<<<<
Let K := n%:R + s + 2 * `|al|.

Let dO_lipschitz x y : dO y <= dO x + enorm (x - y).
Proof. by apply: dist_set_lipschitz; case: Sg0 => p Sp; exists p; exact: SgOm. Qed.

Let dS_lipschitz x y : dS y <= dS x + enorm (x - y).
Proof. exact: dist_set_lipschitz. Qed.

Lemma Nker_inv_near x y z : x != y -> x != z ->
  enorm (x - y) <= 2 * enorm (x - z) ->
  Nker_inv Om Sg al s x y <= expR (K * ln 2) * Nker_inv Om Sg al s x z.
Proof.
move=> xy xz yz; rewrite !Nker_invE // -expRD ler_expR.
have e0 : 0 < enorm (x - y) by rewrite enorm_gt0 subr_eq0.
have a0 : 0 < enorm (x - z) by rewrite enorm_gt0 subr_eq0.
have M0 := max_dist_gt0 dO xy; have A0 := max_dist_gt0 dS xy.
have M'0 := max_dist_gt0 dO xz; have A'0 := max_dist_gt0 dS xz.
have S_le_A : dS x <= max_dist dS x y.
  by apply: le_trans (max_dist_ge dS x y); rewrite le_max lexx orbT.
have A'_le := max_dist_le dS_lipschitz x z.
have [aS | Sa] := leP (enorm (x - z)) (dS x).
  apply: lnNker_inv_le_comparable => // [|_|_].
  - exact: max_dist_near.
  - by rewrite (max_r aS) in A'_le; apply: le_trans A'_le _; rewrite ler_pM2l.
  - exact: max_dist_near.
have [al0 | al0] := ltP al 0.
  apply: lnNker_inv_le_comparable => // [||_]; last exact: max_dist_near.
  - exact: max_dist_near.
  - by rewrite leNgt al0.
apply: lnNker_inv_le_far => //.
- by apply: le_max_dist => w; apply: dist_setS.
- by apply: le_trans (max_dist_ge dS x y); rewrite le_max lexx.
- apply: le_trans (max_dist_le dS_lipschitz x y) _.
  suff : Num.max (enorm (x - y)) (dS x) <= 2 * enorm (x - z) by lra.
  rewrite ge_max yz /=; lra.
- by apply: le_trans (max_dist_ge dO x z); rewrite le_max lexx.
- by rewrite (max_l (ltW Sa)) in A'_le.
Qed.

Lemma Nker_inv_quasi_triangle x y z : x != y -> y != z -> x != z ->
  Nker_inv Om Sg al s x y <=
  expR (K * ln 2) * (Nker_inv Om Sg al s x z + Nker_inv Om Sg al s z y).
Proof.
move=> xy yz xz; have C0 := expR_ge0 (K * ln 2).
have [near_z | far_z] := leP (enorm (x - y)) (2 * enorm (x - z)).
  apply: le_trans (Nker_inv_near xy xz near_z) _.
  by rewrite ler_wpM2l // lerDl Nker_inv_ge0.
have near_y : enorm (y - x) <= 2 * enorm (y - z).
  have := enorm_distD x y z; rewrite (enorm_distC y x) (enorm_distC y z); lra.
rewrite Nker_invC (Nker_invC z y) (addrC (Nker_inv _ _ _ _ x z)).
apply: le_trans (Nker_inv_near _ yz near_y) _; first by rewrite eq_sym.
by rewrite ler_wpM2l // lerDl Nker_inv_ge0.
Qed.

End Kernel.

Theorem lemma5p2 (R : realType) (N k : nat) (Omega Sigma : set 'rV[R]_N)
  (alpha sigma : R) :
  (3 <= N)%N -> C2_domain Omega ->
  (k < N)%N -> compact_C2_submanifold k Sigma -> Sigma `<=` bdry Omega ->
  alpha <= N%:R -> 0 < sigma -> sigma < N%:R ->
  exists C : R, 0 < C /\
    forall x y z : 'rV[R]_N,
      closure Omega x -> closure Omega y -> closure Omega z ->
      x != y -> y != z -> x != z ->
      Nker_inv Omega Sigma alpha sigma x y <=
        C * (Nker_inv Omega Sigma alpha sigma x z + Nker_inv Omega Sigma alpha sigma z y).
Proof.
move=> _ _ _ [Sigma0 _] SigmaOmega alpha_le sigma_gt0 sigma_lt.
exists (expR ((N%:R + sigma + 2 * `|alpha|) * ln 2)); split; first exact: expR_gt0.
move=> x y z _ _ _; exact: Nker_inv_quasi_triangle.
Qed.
>>>>
Exercise objective
In the listing above, the lines from the one containing "(k < N)%N -> compact_C2_submanifold" through the one containing "move=> _ _ _ [Sigma0" must be set down exactly, with no other lines.

Output of the task
  (k < N)%N -> compact_C2_submanifold k Sigma -> Sigma `<=` bdry Omega ->
  alpha <= N%:R -> 0 < sigma -> sigma < N%:R ->
  exists C : R, 0 < C /\
    forall x y z : 'rV[R]_N,
      closure Omega x -> closure Omega y -> closure Omega z ->
      x != y -> y != z -> x != z ->
      Nker_inv Omega Sigma alpha sigma x y <=
        C * (Nker_inv Omega Sigma alpha sigma x z + Nker_inv Omega Sigma alpha sigma z y).
Proof.
move=> _ _ _ [Sigma0 _] SigmaOmega alpha_le sigma_gt0 sigma_lt.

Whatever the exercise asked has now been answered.